Basic Info: We have access to a 300,000 sq ft warehouse with it's own hydro electric plant ( super cheap electricity) as well as it's own well.The warehouse ( an old mill building ) is in a suburban/almost rural area of Massachusetts( town population 10K) within a short drive to major urban population basis. I can probably get gross rents ( includes heat/electric/taxes ) at $3/ft/yr with the ability to provide "micro" spaces of 500-100,2000 sq ft. or large spaces at 50,000 sq ft or more ( the mill is empty )

Concept that I'm "toying with": Basically creating an indoor community garden, year round.

On an initial basis, I would like to keep things cheap and simple ( let things develop and let the group decide it's coops, more advanced systems, etc

So: couple initial questions: if the systems were BASIC (ie: lighting/water/beds) how much space would an average family of 4 use? 500 sq ft? 1,000 sq ft?

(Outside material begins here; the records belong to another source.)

(* Let $\alpha\ge1$. If all valuation functions are symmetric submodular and every item cost function is non-decreasing and $\alpha$-average-decreasing, then for every (truthfully reported) valuation profile the allocation $A$ output by IACSM satisfies $\pi(A)\le 2\alpha^3H_n\cdot\pi(A^* )$, where $A^*$ is an allocation minimizing the social cost $\pi$.
   Context: Players $N=\{1,\dots,n\}$, items $M=\{1,\dots,m\}$, non-decreasing valuations $v_i:2^M\to\mathbb{R}_{\ge0}$; symmetric: $f(S)=f(T)$ whenever $|S|=|T|$; submodular: $f(S\cup\{x\})-f(S)\ge f(T\cup\{x\})-f(T)$ for $S\subseteq T$, $x\notin T$. Item cost functions $c_j:2^N\to\mathbb{R}_{\ge0}$; $c$ is $\alpha$-average-decreasing if $\alpha\frac{c(S)}{|S|}\ge\frac{c(T)}{|T|}$ for all nonempty $S\subseteq T\subseteq N$. For an allocation $A=(A_1,\dots,A_n)$, $T_j=\{i:j\in A_i\}$ and the social cost is $\pi(A)=\sum_{j\in M}c_j(T_j)+\sum_{i\in N}(v_i(M)-v_i(A_i))$. $H_n=\sum_{k=1}^n1/k$. Mechanism IACSM (input: declared valuations $b$): maintain active set $X=N$, sets $T_j=N$ and cost shares $\chi_j=c_j(N)/n$ for all items $j$. While $X\neq\emptyset$: (1) every $i\in X$ computes $A_i\in\arg\max_{S\subseteq M}\{b_i(S)-\sum_{j\in S}\chi_j\}$, choosing among maximizers one of maximum cardinality $k$, and among those the $k$ items with smallest current $\chi_j$ (item ties by index); (2) choose $i^*\in X$ with $|A_{i^*}|$ minimum (ties by smallest index); (3) assign $A_{i^*}$ to $i^*$ permanently and remove $i^*$ from $X$; (4) for every item $j\notin A_{i^*}$ set $T_j:=T_j\setminus\{i^*\}$ and, if $T_j\ne\emptyset$, set $\chi_j:=\max\{\chi_j,c_j(T_j)/|T_j|\}$. Output the assigned bundles and payments $p_i=\sum_{j\in A_i}\chi_j$ with final cost shares. *)

From HB Require Import structures.
From mathcomp Require Import all_boot all_order all_algebra.
Set Implicit Arguments. Unset Strict Implicit. Unset Printing Implicit Defensive.
Import Order.TTheory GRing.Theory Num.Theory.
Local Open Scope ring_scope.

Section IACSM.
Variables (R : realFieldType) (n m : nat).

Definition setfun_nondecreasing {T : finType} (f : {set T} -> R) : Prop :=
  forall S U : {set T}, S \subset U -> f S <= f U.

Definition setfun_symmetric {T : finType} (f : {set T} -> R) : Prop :=
  forall S U : {set T}, #|S| = #|U| -> f S = f U.

Definition setfun_submodular {T : finType} (f : {set T} -> R) : Prop :=
  forall (S U : {set T}) (x : T), S \subset U -> x \notin U ->
    f (x |: S) - f S >= f (x |: U) - f U.

Definition avg_decreasing (alpha : R) (c : {set 'I_n} -> R) : Prop :=
  forall S U : {set 'I_n}, S != set0 -> S \subset U ->
    alpha * (c S / #|S|%:R) >= c U / #|U|%:R.

(* an allocation gives every player a bundle; items may be shared *)
Definition players_of (A : 'I_n -> {set 'I_m}) (j : 'I_m) : {set 'I_n} :=
  [set i | j \in A i].

Definition social_cost (v : 'I_n -> {set 'I_m} -> R) (c : 'I_m -> {set 'I_n} -> R)
  (A : 'I_n -> {set 'I_m}) : R :=
  \sum_(j < m) c j (players_of A j) + \sum_(i < n) (v i setT - v i (A i)).

Definition harmonic (k : nat) : R := \sum_(l < k) (l.+1%:R)^-1.

Record state := State {
  st_X : {set 'I_n};                 (* active players *)
  st_T : 'I_m -> {set 'I_n};
  st_chi : 'I_m -> R;                (* current cost shares *)
  st_alloc : 'I_n -> {set 'I_m}      (* permanently assigned bundles *)
}.

Definition utility (b : {set 'I_m} -> R) (chi : 'I_m -> R) (S : {set 'I_m}) : R :=
  b S - \sum_(j in S) chi j.

Definition best_card (b : {set 'I_m} -> R) (chi : 'I_m -> R) : nat :=
  \max_(S : {set 'I_m} | [forall U : {set 'I_m}, utility b chi U <= utility b chi S])
     #|S|.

If the cost is $3/ft/year...can there be a return to the family on production VS buying at the market?

What are your thoughts on this concept?

Next: eventually, we have access to fairly large wholesale contracts to purchase the produce...pretty much whatever can be produced can be sold locally at wholesale prices.....our base cost is $3/ are the economics?

Thoughts? feedback? Again, this is just an initial thought process. Wondering if it has legs!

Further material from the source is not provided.